What the task asks: The answer must be every line of the records below that holds the word "Reals".
START Supplied entries
(* Let $p$ be an odd prime and $r$ an integer with $p \nmid r$. Let $$f_{r,p}(x) = \frac{1}{2\sqrt{2}}\left((1+\sqrt{2})^r (x+\sqrt{2})^p - (1-\sqrt{2})^r (x - \sqrt{2})^p\right) \in \mathbb{Z}[x].$$ Then $f_{r,p}$ has $p$ distinct roots $\rho_0, \dots, \rho_{p-1}$ given by $$\rho_i = \sqrt{2} + \frac{2\sqrt{2}}{(-1)^r (1+\sqrt{2})^{-2r/p} \zeta_p^i - 1}, \quad 0 \leq i \leq p-1,$$ where $\zeta_p = e^{2\pi i/p}$ and $(1+\sqrt{2})^{-2r/p}$ denotes the positive real value. The only real root is $\rho_0$. *)

From Stdlib Require Import Reals ZArith Znumtheory.
From Coquelicot Require Import Coquelicot.
Open Scope R_scope.

Definition f_rp (r : Z) (p : nat) (x : C) : C :=
  Cdiv (Cminus (Cmult (RtoC (powerRZ (1 + sqrt 2) r)) (Cpow (Cplus x (RtoC (sqrt 2))) p))
               (Cmult (RtoC (powerRZ (1 - sqrt 2) r)) (Cpow (Cminus x (RtoC (sqrt 2))) p)))
       (RtoC (2 * sqrt 2)).

Definition zeta (p : nat) : C := (cos (2 * PI / INR p), sin (2 * PI / INR p)).

Definition rho (r : Z) (p : nat) (i : nat) : C :=
  Cplus (RtoC (sqrt 2))
    (Cdiv (RtoC (2 * sqrt 2))
       (Cminus (Cmult (RtoC (powerRZ (-1) r * Rpower (1 + sqrt 2) (-2 * IZR r / INR p)))
                      (Cpow (zeta p) i))
               (RtoC 1))).

From Stdlib Require Import Reals ZArith Znumtheory Lia Lra.
From Coquelicot Require Import Coquelicot.
Open Scope R_scope.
END Supplied entries
Reply:
From Stdlib Require Import Reals ZArith Znumtheory.
From Stdlib Require Import Reals ZArith Znumtheory Lia Lra.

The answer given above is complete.